What you should do:
After finding the line with "Z *m Tb *m phi." in the data below, set down exactly each line through the one with "by rewrite -addrA -aTb addrCA addNr addr0.", inclusive, and stop there.

Data under study:
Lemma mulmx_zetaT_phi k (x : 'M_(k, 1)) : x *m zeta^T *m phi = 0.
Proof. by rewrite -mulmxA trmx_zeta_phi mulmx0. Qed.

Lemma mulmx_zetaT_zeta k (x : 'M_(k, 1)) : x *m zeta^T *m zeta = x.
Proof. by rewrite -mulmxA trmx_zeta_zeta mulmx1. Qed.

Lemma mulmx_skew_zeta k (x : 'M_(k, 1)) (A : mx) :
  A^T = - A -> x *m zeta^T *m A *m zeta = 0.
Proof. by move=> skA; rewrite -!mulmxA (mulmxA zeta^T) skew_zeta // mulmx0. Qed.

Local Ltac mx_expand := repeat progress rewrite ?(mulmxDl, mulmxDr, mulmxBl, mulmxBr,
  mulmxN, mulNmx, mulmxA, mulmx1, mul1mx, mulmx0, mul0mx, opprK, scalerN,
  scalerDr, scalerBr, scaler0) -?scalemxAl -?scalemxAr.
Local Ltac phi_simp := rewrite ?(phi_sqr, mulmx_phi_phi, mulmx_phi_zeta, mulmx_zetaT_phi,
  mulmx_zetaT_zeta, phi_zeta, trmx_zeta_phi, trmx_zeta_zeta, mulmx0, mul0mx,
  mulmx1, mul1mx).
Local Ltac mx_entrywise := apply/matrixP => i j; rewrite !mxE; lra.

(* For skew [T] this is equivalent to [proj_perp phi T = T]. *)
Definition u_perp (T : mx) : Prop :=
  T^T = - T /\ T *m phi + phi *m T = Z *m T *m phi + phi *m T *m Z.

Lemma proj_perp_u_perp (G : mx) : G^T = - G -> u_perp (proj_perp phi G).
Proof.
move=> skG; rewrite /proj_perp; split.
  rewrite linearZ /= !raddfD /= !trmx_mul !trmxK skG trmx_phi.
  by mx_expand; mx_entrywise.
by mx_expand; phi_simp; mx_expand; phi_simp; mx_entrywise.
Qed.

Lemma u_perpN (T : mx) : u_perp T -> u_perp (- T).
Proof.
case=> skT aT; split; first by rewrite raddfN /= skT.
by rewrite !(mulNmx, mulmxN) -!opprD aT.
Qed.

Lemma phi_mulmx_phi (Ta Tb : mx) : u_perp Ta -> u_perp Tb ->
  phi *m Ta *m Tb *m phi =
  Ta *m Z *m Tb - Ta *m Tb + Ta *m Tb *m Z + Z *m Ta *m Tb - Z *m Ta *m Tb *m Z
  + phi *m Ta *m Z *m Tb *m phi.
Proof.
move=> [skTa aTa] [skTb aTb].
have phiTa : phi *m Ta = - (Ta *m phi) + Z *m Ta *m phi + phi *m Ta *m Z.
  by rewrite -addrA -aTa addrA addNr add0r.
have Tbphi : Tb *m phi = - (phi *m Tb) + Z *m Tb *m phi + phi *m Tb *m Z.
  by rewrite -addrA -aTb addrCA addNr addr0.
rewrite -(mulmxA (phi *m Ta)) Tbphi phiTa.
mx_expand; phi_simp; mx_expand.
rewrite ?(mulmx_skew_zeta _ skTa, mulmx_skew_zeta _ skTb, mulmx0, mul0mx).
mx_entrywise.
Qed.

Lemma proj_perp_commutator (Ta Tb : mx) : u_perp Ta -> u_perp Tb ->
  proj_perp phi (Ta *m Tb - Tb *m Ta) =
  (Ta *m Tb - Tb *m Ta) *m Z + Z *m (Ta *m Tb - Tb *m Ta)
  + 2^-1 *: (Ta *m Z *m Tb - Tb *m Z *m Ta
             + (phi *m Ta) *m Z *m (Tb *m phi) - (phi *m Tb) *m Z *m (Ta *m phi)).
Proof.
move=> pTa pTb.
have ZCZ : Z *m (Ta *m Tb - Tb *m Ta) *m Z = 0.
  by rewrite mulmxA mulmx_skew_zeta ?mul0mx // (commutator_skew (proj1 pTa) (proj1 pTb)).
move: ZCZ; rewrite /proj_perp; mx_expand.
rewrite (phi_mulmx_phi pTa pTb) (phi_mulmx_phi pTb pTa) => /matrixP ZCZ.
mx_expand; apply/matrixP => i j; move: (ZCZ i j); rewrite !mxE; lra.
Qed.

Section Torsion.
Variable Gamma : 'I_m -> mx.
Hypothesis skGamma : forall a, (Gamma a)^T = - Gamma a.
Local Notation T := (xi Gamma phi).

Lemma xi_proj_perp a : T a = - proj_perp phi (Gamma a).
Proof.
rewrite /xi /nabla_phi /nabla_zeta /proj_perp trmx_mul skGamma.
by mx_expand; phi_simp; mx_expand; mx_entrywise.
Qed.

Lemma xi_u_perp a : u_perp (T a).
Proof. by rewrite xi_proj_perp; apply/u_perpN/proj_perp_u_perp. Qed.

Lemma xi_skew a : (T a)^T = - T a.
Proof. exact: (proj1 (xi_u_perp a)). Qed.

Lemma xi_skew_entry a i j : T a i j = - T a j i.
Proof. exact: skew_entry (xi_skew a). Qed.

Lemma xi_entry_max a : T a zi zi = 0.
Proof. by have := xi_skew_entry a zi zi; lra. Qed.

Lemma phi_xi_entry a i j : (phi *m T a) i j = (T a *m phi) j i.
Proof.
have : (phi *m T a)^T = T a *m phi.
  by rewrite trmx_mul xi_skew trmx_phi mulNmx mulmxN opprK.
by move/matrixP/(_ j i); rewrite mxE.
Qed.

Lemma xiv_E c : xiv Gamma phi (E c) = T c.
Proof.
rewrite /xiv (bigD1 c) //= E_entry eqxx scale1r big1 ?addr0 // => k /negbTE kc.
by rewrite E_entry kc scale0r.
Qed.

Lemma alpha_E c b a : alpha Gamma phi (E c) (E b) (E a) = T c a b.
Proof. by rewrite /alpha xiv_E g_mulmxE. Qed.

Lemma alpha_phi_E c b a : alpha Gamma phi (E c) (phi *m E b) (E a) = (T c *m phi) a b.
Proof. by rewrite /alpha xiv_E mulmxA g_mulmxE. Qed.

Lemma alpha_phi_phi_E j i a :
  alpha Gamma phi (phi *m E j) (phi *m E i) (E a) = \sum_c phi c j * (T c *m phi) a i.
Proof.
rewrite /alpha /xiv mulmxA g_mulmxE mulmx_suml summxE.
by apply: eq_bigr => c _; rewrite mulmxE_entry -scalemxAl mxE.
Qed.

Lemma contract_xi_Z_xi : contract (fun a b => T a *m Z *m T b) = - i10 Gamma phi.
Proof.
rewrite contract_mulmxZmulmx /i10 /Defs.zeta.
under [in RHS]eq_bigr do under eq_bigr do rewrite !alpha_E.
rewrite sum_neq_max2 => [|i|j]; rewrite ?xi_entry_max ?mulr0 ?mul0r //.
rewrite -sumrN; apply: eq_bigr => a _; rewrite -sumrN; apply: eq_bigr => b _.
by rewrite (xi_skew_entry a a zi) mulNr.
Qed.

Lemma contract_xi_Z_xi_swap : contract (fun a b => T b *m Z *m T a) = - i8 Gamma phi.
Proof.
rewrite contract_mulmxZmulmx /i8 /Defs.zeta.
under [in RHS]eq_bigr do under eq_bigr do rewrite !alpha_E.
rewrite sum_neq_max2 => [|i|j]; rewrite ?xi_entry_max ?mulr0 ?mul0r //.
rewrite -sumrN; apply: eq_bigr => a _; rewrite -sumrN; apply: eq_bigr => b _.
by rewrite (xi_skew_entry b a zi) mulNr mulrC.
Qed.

--

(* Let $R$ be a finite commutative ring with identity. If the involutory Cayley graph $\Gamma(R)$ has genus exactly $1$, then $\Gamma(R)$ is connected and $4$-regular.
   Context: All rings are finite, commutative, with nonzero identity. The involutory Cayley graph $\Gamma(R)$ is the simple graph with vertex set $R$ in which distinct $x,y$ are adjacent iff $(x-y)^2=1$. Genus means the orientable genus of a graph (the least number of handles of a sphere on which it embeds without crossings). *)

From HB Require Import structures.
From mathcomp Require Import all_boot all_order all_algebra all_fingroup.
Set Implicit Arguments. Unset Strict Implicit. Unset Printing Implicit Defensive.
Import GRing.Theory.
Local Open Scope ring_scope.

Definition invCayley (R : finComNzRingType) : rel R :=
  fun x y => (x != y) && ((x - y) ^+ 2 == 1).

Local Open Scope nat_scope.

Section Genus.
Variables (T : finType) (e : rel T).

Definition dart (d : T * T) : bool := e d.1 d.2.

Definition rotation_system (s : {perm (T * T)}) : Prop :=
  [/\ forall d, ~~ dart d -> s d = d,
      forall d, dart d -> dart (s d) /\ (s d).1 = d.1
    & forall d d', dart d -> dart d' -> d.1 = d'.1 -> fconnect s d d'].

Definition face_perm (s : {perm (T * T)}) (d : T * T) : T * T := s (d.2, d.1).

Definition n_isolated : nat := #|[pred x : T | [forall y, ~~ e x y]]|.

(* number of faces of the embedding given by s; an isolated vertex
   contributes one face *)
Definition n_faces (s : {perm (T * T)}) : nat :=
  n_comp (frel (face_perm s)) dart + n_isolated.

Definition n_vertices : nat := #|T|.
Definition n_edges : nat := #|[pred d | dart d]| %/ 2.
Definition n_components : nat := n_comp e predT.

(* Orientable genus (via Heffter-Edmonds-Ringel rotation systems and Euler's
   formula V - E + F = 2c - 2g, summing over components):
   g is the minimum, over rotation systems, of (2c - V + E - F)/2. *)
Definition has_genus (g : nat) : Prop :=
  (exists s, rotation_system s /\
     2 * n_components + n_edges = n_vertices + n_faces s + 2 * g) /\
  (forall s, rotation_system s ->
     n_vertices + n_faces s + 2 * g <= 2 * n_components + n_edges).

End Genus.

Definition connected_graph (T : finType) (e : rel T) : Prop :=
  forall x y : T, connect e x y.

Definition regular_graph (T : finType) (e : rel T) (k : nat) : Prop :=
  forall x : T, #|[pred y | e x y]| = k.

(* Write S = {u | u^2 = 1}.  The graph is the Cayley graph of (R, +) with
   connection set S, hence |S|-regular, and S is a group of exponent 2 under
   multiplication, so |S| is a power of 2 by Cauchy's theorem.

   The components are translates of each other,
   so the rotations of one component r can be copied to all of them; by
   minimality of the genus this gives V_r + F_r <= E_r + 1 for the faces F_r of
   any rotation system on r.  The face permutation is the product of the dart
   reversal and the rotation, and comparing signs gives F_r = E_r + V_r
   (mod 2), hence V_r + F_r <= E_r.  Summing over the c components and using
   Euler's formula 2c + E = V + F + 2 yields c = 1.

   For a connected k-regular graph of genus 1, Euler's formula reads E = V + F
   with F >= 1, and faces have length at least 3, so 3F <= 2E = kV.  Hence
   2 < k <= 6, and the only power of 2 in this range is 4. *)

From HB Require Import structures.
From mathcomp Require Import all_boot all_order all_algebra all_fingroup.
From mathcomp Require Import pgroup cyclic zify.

--

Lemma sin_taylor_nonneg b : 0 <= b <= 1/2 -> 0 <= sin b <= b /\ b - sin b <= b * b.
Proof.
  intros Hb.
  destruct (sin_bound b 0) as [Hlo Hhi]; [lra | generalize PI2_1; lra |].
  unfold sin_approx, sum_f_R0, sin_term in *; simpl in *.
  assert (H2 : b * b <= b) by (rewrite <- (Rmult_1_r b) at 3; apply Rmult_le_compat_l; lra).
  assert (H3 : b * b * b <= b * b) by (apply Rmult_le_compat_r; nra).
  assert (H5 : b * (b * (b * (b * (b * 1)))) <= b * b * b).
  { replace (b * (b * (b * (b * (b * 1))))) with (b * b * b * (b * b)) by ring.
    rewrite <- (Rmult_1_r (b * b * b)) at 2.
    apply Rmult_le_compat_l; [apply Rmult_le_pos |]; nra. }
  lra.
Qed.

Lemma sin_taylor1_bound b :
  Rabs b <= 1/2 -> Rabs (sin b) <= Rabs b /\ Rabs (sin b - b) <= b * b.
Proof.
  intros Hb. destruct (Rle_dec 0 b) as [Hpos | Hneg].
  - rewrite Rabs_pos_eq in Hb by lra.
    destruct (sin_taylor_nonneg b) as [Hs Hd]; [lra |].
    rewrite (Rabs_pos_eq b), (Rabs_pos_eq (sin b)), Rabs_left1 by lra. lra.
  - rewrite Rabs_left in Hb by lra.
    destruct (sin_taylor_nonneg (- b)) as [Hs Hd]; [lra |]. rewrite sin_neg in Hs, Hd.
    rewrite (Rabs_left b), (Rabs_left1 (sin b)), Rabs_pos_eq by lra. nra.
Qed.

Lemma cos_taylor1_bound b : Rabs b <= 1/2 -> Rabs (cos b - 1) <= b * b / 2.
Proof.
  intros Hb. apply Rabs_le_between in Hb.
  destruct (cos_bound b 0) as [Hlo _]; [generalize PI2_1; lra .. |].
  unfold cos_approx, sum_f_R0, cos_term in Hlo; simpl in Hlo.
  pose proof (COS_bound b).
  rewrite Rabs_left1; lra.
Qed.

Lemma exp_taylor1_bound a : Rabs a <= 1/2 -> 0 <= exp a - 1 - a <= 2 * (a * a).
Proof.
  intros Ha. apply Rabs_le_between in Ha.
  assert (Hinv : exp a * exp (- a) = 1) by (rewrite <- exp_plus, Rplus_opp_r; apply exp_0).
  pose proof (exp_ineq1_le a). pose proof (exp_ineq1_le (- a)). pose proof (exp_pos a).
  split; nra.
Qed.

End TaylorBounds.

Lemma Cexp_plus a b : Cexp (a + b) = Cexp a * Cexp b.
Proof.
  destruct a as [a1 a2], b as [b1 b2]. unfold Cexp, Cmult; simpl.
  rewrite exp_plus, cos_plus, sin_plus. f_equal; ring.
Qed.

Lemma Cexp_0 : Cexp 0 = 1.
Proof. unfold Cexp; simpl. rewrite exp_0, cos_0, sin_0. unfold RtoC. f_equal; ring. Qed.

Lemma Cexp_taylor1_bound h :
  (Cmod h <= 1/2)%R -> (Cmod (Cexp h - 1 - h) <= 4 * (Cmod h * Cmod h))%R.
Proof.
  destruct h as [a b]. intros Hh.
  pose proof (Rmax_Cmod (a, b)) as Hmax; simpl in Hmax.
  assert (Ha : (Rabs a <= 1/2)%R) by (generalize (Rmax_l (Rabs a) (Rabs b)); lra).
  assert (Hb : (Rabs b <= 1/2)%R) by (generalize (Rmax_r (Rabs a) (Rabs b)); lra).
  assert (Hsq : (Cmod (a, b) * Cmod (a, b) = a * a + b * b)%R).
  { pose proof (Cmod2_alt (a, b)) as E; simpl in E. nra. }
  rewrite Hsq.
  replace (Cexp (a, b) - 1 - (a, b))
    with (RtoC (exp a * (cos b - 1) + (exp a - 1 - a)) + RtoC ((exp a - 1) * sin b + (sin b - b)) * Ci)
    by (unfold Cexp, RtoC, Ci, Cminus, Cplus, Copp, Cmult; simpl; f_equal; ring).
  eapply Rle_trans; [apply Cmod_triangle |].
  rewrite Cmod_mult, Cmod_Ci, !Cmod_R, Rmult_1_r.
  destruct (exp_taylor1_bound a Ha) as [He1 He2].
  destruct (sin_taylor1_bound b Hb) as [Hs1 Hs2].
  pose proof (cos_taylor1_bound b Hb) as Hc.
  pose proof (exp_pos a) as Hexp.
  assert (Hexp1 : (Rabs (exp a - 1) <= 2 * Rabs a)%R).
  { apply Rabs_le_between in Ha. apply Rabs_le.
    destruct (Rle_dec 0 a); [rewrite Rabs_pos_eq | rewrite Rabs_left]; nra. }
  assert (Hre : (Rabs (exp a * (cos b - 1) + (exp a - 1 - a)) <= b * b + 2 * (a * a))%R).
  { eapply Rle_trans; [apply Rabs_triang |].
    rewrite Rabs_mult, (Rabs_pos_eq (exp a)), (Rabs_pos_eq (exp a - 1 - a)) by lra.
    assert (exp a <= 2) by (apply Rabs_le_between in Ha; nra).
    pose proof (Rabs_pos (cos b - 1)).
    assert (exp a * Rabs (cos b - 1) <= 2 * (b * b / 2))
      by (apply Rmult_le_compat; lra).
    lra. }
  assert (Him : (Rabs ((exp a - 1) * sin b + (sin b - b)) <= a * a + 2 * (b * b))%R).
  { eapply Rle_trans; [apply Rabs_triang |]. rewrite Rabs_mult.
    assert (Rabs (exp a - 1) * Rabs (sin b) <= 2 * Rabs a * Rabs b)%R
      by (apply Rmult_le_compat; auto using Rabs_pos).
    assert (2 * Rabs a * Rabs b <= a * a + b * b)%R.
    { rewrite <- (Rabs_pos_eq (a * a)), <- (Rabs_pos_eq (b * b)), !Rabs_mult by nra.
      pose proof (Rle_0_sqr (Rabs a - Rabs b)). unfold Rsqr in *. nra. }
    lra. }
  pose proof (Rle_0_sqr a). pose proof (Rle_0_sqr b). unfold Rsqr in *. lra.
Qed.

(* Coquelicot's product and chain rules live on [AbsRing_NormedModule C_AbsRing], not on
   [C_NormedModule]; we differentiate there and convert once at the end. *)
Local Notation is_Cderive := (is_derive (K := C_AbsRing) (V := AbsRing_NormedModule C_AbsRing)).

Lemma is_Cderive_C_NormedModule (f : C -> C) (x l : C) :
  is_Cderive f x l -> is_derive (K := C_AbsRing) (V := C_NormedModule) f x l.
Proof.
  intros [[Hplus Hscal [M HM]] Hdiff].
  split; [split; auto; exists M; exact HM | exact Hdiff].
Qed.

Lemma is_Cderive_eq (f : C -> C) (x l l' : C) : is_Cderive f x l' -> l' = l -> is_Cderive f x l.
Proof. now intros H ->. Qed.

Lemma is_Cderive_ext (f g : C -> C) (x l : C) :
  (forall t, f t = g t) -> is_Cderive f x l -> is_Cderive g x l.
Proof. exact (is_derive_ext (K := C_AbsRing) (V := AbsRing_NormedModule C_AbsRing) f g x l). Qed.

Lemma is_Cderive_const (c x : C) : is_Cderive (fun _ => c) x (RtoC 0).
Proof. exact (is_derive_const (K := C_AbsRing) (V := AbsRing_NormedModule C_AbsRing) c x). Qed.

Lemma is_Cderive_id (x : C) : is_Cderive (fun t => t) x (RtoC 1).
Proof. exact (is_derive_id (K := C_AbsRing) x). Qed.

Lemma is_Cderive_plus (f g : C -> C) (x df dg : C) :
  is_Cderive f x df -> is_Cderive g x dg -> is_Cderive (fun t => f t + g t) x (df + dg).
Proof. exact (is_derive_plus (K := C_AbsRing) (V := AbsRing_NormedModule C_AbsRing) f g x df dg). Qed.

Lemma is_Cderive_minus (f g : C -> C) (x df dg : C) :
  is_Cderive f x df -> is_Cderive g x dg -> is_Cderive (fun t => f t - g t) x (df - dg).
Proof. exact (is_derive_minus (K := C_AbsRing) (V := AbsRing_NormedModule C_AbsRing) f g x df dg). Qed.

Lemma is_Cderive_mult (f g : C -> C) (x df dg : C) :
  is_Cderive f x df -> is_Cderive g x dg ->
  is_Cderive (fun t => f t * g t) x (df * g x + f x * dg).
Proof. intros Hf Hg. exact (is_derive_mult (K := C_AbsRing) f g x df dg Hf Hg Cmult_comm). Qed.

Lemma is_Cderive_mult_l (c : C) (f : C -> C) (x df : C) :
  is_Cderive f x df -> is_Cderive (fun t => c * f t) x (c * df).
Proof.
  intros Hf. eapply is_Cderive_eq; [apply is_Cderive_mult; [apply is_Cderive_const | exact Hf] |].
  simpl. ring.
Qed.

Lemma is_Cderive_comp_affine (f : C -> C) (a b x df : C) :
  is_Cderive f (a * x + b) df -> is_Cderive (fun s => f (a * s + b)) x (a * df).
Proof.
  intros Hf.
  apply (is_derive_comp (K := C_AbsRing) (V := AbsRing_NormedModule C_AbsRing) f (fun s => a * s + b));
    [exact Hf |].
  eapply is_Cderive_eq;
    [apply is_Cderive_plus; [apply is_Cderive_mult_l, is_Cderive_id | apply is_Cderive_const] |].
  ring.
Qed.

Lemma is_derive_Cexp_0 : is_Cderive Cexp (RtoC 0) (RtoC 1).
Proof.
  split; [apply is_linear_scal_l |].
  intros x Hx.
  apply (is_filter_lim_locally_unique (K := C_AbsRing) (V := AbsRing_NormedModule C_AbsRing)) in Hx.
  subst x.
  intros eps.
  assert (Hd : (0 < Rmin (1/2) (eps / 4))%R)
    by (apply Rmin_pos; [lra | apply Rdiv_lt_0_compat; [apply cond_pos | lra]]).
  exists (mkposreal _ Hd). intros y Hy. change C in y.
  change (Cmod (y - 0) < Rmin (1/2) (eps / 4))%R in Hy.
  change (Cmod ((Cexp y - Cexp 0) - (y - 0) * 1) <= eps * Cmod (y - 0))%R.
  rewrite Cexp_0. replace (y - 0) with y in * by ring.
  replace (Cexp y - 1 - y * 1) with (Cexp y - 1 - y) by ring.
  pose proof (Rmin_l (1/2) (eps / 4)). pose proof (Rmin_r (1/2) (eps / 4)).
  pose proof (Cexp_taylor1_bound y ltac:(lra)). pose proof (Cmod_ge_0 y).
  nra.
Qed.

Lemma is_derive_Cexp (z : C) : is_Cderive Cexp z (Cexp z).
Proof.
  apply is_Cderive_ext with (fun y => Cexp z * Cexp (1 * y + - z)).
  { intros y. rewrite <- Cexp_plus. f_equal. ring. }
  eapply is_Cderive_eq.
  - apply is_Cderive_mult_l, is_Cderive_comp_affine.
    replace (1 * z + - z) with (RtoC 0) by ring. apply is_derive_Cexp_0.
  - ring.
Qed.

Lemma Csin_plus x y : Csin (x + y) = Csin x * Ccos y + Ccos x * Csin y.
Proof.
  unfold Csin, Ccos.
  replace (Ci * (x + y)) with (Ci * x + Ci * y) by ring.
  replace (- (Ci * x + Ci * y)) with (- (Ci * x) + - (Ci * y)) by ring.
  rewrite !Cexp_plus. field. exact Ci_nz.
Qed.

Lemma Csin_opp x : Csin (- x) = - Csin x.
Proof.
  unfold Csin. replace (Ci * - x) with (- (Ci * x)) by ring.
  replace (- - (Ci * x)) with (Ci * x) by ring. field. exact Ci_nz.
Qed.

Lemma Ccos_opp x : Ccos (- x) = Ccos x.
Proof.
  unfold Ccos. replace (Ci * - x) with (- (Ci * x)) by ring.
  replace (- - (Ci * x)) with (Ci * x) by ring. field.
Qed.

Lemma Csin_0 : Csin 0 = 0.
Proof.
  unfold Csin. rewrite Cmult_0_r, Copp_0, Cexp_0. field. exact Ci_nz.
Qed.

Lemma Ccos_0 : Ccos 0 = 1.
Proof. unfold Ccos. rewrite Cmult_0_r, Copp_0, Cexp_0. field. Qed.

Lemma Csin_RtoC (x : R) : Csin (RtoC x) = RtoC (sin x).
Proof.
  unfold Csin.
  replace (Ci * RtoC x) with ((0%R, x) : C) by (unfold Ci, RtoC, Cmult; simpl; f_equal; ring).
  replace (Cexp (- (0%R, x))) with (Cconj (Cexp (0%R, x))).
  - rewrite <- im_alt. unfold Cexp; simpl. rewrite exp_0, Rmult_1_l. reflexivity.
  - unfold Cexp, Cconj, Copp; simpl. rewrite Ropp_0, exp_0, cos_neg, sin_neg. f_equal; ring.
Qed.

Your solution:
  + phi *m Ta *m Z *m Tb *m phi.
Proof.
move=> [skTa aTa] [skTb aTb].
have phiTa : phi *m Ta = - (Ta *m phi) + Z *m Ta *m phi + phi *m Ta *m Z.
  by rewrite -addrA -aTa addrA addNr add0r.
have Tbphi : Tb *m phi = - (phi *m Tb) + Z *m Tb *m phi + phi *m Tb *m Z.
  by rewrite -addrA -aTb addrCA addNr addr0.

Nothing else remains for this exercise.